Alright, let me tell you about this little project I cooked up recently. I’m a huge NFL fan, always have been. Every year, like clockwork, I find myself trying to guess how the season’s gonna play out. Who’s making the playoffs? Who’s getting the top draft pick? Usually, it’s just gut feeling, maybe scribbling some notes down.

But this time, I thought, why not try and build something? A little simulator. Nothing too fancy, just something to run through the season schedule and spit out potential records. Sounded like a fun way to combine my football obsession with a bit of coding practice.
Getting Started
First things first, I needed the schedule. That was easy enough, just grabbed the full list of games, week by week, team matchups, the whole nine yards. Typed it all into a simple data structure my program could read. That took a bit, gotta admit, lots of matchups to enter.
Then, the tricky part: how to predict a winner for each game? I didn’t want anything super complex, no deep dives into player stats or injury reports. That’d be a whole other beast. I decided to keep it simple.
- Team Strength: I gave each team a basic power rating. Just a number. Higher number means a better team, in theory. I sort of eyeballed these based on last season, offseason moves, and just general feel.
- Home Field: Gave a little bump to the home team’s rating. Everyone knows playing at home is an advantage, right?
- Randomness: Football’s weird. Upsets happen. So, I added a bit of randomness. Even if one team had a higher rating, the underdog still had a chance, just a smaller one. Used a random number generator for this part.
Putting it Together
Once I had the schedule and a way to pick a winner (even a basic way), I wrote the code to loop through the entire season. It went something like this:
- Take Week 1 games.
- For each game, look at the two teams’ ratings (adjusting for home field).
- Use the random element to declare a winner and loser based on those ratings.
- Update each team’s win/loss record.
- Repeat for Week 2, Week 3… all the way to the end of the season.
It was pretty straightforward, really. Just making the computer play out the games one by one according to my simple rules.

Running and Tweaking
The first time I ran it, the results were… interesting. Some records looked plausible, others seemed way off. That’s the thing with randomness, you get weird outcomes sometimes. And my initial ratings were probably not great.
So, I started tweaking. Adjusted some team ratings. Changed how much home-field advantage mattered. Played with the randomness factor.
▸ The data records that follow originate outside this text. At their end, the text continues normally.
Lemma RInt_gamma_integrand_quadratic_ineq lam x a b : 0 < a -> a <= b ->
  2 * lam * RInt (gamma_integrand x) a b
  <= lam ^ 2 * RInt (gamma_integrand (x - /2)) a b + RInt (gamma_integrand (x + /2)) a b.
Proof.
  intros ha hab.
  assert (Hint : forall y, ex_RInt (gamma_integrand y) a b)
    by (intros; now apply ex_RInt_gamma_integrand).
  assert (E1 : RInt (fun t => 2 * lam * gamma_integrand x t) a b
               = 2 * lam * RInt (gamma_integrand x) a b)
    by exact (RInt_scal (V := R_CompleteNormedModule) _ _ _ _ (Hint x)).
  assert (E2 : RInt (fun t => lam ^ 2 * gamma_integrand (x - /2) t + gamma_integrand (x + /2) t) a b
               = lam ^ 2 * RInt (gamma_integrand (x - /2)) a b
                 + RInt (gamma_integrand (x + /2)) a b).
  { rewrite (RInt_plus (V := R_CompleteNormedModule)
               (fun t => lam ^ 2 * gamma_integrand (x - /2) t) (gamma_integrand (x + /2))).
    - rewrite (RInt_scal (V := R_CompleteNormedModule) (gamma_integrand (x - /2))) by apply Hint.
      reflexivity.
    - apply (ex_RInt_scal (V := R_NormedModule) (gamma_integrand (x - /2))), Hint.
    - apply Hint. }
  rewrite <- E1, <- E2; apply RInt_le;
    [lra | | | intros; apply gamma_integrand_quadratic_ineq; lra].
  - apply (ex_RInt_scal (V := R_NormedModule) (gamma_integrand x)), Hint.
  - apply (ex_RInt_plus (V := R_NormedModule) (fun t => lam ^ 2 * gamma_integrand (x - /2) t));
      [apply (ex_RInt_scal (V := R_NormedModule) (gamma_integrand (x - /2))) |]; apply Hint.
Qed.

Section GammaFunction.

Variable Gamma : R -> R.
Hypothesis HGamma : forall x, 0 < x -> is_Gamma x (Gamma x).

Lemma Gamma_ends x eps : 0 < x -> 0 < eps ->
  ends (fun ab => Rabs (RInt (gamma_integrand x) (fst ab) (snd ab) - Gamma x) < eps).
Proof.
  intros hx he; destruct (HGamma x hx eps he) as (A & B & hA & HAB).
  apply (Filter_prod _ _ _ (fun a => 0 < a < A) (fun b => B < b)).
  - now apply (at_right_0_intro (mkposreal A hA)).
  - now exists B.
  - intros a b [ha haA] hb; simpl.
    destruct (HAB a b ha (Rlt_le _ _ haA) (Rlt_le _ _ hb)) as [pr Hpr].
    unfold gamma_integrand; now rewrite (RInt_Reals _ _ _ pr).
Qed.

Lemma Gamma_succ x : 0 < x -> Gamma (x + 1) = x * Gamma x.
Proof.
  intros hx; apply (Req_of_abs_le_eps _ _ (x + 3)); [lra|]; intros eps he.
  destruct (ends_witness _ (ends_and _ _
      (ends_and _ _ (Gamma_ends (x + 1) eps ltac:(lra) he) (Gamma_ends x eps hx he))
      (ends_prod _ _ (Rpower_at_right_0 x eps hx he) (Rpower_exp_opp_p_infty x eps he))))
    as (a & b & hab & (H1 & H2) & Ha & Hb); simpl in *.
  rewrite RInt_gamma_integrand_succ in H1 by lra.
  assert (0 < Rpower a x * exp (- a) < eps).
  { assert (exp (- a) <= 1) by (rewrite <- exp_0; apply exp_le_compat; lra).
    assert (0 < Rpower a x) by apply exp_pos.
    split; [apply Rmult_lt_0_compat; [lra | apply exp_pos] | nra]. }
  assert (0 < Rpower b x * exp (- b)) by (apply Rmult_lt_0_compat; apply exp_pos).
  assert (HX : Rabs (x * (RInt (gamma_integrand x) a b - Gamma x)) <= x * eps).
  { rewrite Rabs_mult, Rabs_pos_eq by lra; apply Rmult_le_compat_l; lra. }
  apply Rabs_def2 in H1; apply Rabs_le_between in HX; apply Rabs_le; split; lra.
Qed.

Lemma Gamma_one : Gamma 1 = 1.
Proof.
  apply (Req_of_abs_le_eps _ _ 3); [lra|]; intros eps he.
  destruct (ends_witness _ (ends_and _ _ (Gamma_ends 1 eps Rlt_0_1 he)
      (ends_prod _ _ (Rpower_at_right_0 1 eps Rlt_0_1 he) (Rpower_exp_opp_p_infty 0 eps he))))
    as (a & b & hab & H & Ha & Hb); simpl in *.
  rewrite RInt_gamma_integrand_one in H by lra.
  rewrite Rpower_1 in Ha by lra; rewrite Rpower_O, Rmult_1_l in Hb by lra.
  assert (1 - a <= exp (- a)) by apply exp_ineq1_le.
  assert (exp (- a) <= 1) by (rewrite <- exp_0; apply exp_le_compat; lra).
  pose proof (exp_pos (- b)).
  apply Rabs_def2 in H; apply Rabs_le; lra.
Qed.

Lemma Gamma_pos x : 0 < x -> 0 < Gamma x.
Proof.
  intros hx.
  set (c := RInt (gamma_integrand x) 1 2).
  assert (hc : 0 < c).
  { apply RInt_gt_0; [lra | intros; apply gamma_integrand_pos; lra |].
    intros; apply continuous_gamma_integrand; lra. }
  assert (Hends : ends (fun ab => fst ab <= 1 /\ 2 <= snd ab)).
  { apply (ends_prod (fun a => a <= 1) (fun b => 2 <= b)).
    - apply (at_right_0_intro (mkposreal 1 Rlt_0_1)); simpl; intros; lra.
    - exists 2; intros; lra. }
  destruct (ends_witness _ (ends_and _ _ (Gamma_ends x (c / 2) hx ltac:(lra)) Hends))
    as (a & b & hab & H & ha1 & hb2); simpl in *.
  assert (Hsplit : RInt (gamma_integrand x) a b
      = RInt (gamma_integrand x) a 1 + c + RInt (gamma_integrand x) 2 b).
  { unfold c; rewrite <- (RInt_Chasles (V := R_CompleteNormedModule) _ a 1 b),
      <- (RInt_Chasles (V := R_CompleteNormedModule) _ 1 2 b);
      try apply ex_RInt_gamma_integrand; try lra.
    unfold plus; simpl; ring. }
  assert (0 <= RInt (gamma_integrand x) a 1)
    by (apply RInt_ge_0; [lra | apply ex_RInt_gamma_integrand; lra
                        | intros; apply Rlt_le, gamma_integrand_pos; lra]).
  assert (0 <= RInt (gamma_integrand x) 2 b)
    by (apply RInt_ge_0; [lra | apply ex_RInt_gamma_integrand; lra
                        | intros; apply Rlt_le, gamma_integrand_pos; lra]).
  apply Rabs_def2 in H; lra.
Qed.

Lemma Gamma_quadratic_ineq lam x : /2 < x ->
  2 * lam * Gamma x <= lam ^ 2 * Gamma (x - /2) + Gamma (x + /2).
Proof.
  intros hx.
  apply (Rle_of_le_plus_eps _ _ (2 * Rabs lam + lam ^ 2 + 1)).
  { pose proof (Rabs_pos lam); pose proof (pow2_ge_0 lam); lra. }
  intros eps he.
  destruct (ends_witness _ (ends_and _ _ (Gamma_ends x eps ltac:(lra) he)
      (ends_and _ _ (Gamma_ends (x - /2) eps ltac:(lra) he)
                    (Gamma_ends (x + /2) eps ltac:(lra) he))))
    as (a & b & hab & H1 & H2 & H3); simpl in *.
  pose proof (RInt_gamma_integrand_quadratic_ineq lam x a b ltac:(lra) ltac:(lra)) as HI.
  apply Rabs_def2 in H1, H2, H3.
  assert (lam * (Gamma x - RInt (gamma_integrand x) a b) <= Rabs lam * eps).
  { eapply Rle_trans; [apply Rle_abs|]; rewrite Rabs_mult.
    apply Rmult_le_compat_l; [apply Rabs_pos | apply Rabs_le; lra]. }
  assert (lam ^ 2 * (RInt (gamma_integrand (x - /2)) a b - Gamma (x - /2)) <= lam ^ 2 * eps)
    by (apply Rmult_le_compat_l; [apply pow2_ge_0 | lra]).
  lra.
Qed.

Lemma Gamma_sq_le x : /2 < x -> Gamma x ^ 2 <= Gamma (x - /2) * Gamma (x + /2).
Proof.
  intros hx; assert (hg : 0 < Gamma (x - /2)) by (apply Gamma_pos; lra).
  pose proof (Gamma_quadratic_ineq (Gamma x / Gamma (x - /2)) x hx) as H.
  apply (Rmult_le_compat_r (Gamma (x - /2))) in H; [|lra].
  replace (2 * (Gamma x / Gamma (x - /2)) * Gamma x * Gamma (x - /2)) with (2 * Gamma x ^ 2) in H
    by (field; lra).
  replace (((Gamma x / Gamma (x - /2)) ^ 2 * Gamma (x - /2) + Gamma (x + /2)) * Gamma (x - /2))
    with (Gamma x ^ 2 + Gamma (x - /2) * Gamma (x + /2)) in H by (field; lra).
  lra.
Qed.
I also realized running it just once wasn’t enough. Because of the random element, each run could give different results. I made it run the simulation many times – like thousands of times – and then averaged the results to get a more stable prediction for each team’s final record.
Example: After running it 10,000 times, if a team averaged 10.3 wins, I’d list their predicted record as something like 10-7.
What I Ended Up With
So now, I have this little program. I feed it the schedule, my current team ratings, and it simulates the season thousands of times in a few seconds. It spits out a list of predicted final records for every team.
Is it going to be perfectly accurate? Heck no. It’s super basic. It doesn’t know about injuries, QB controversies, mid-season trades, or anything like that. But, it’s fun! It gives a rough idea, a baseline maybe. And honestly, building it was the best part. Took me back to just tinkering and making something work, step by step.

It’s definitely a cool little tool to play around with as the season gets closer. Makes for some interesting coffee break conversations, comparing its predictions to what the “experts” say. A fun weekend project, all in all.